Maxime Bernier (not exactly as shown)
Poor, poor Max. It’s bad enough that his comeback special yesterday had all the class of an off-the-strip Vegas wedding –– all he needed was a velvet cape and some dry ice and… holy crap, that guy looks like Liberace! — but it came on the heels of Le Devoir‘s excellent Hélène Buzzetti-penned piece about how Max’s ‘Jos Louis’ charm initiative in Afghanistan was even more of a dud than originally thought.
He might be from the Beauce, but Max is a city boy at heart –perfect hair, nice cuticles, well-pressed shirts, all that. It’s hardly the stuff of Rick Hillier, to be sure, so someone decided that the then-foreign affairs minister he should man up in front of the Quebec soldiers. The solution? Operation Jos Louis. That’s right: by handing out Jos Louis, Quebec’s favourite blue-collar cakes, it was thought Max would suddenly grow chest hair in the eyes of Quebec’s fighting men. Much unintentional hilarity ensued.

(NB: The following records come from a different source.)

(* Let $\Gamma$ be a cocompact torsion-free Fuchsian group, $M=\mathbb{D}^2/\Gamma$, and identify $T_pM$ ($p=\pi(0)$) with $\mathbb{D}^2$ as described in the context. Then for every $i\ge1$, $$\sigma_i=\{z\in\mathbb{D}^2 : \upsilon(z)=i-1\},\qquad \mathbb{D}^2=\sigma_1\cup\mathcal{L},$$ and for every $z\in\mathbb{D}^2$, $$\iota(z)=\#\{\lambda\in\Lambda : \lambda\in D(z,r(z))\},$$ where $D(z,r(z))$ is the open hyperbolic disk of center $z$ and radius $r(z)$.
   Context: $\mathbb{D}^2$ is the open unit disk with the Poincaré metric $d$; $r(z)=d(0,z)$. $\pi:\mathbb{D}^2\to M$ is the quotient map and $\Lambda=\{\gamma(0):\gamma\in\Gamma\}$. For $\lambda\in\Lambda\setminus\{0\}$, $L_\lambda=\{z\in\mathbb{D}^2 : d(z,0)=d(z,\lambda)\}$ (the perpendicular bisector geodesic of $0$ and $\lambda$), and the web of geodesics is $\mathcal{L}=\bigcup_{\lambda\in\Lambda\setminus\{0\}}L_\lambda$. For $z\in\mathbb{D}^2$, $\rho(z)$ is the open geodesic segment from $0$ to $z$, $\iota(z)=\#\{\lambda\in\Lambda\setminus\{0\} : L_\lambda\cap\rho(z)\neq\emptyset\}$ and $\upsilon(z)=\#\{\lambda\in\Lambda\setminus\{0\}: z\in L_\lambda\}$. The exponential map $\exp_p:T_pM\to M$ is a covering isomorphic to $\pi$; we identify $T_pM$ with $\mathbb{D}^2$ so that $v\in T_pM$ corresponds to $z\in\mathbb{D}^2$ with $d(0,z)=|v|$ and $\exp_p(v)=\pi(z)$ (via the hyperbolic exponential map at $0$). Under this identification the focal index of $z$ is $I(z)=\#\{z'\in\mathbb{D}^2 : \pi(z')=\pi(z),\ d(0,z')=d(0,z)\}$, and $\sigma_i=\{z : I(z)=i\}$ (the focal decomposition of $T_pM$). *)

From HB Require Import structures.
From mathcomp Require Import all_boot all_order all_algebra.
From mathcomp Require Import complex.
From mathcomp Require Import boolp classical_sets cardinality reals exp.
Set Implicit Arguments. Unset Strict Implicit. Unset Printing Implicit Defensive.
Import Order.TTheory GRing.Theory Num.Theory.
Local Open Scope ring_scope.
Local Open Scope complex_scope.
Local Open Scope classical_set_scope.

Buzzetti’s story notes that procuring said cakes caused a serious kerfuffle within military ranks, as personnel scrambled to get 2185 Jos Louis cakes onto Bernier’s plane at the last minute. The cost? $972, plus $79.20 mileage for one enterprising Warrant Officer Marc Desgagné, who stormed the likes of Food Basics, Sobeys, No Frills and Wal-Mart in the mucky trenches of Trenton to procure the cakes. In retrospect, Max probably wishes Mr. Desgagné hadn’t shown such courage in battle.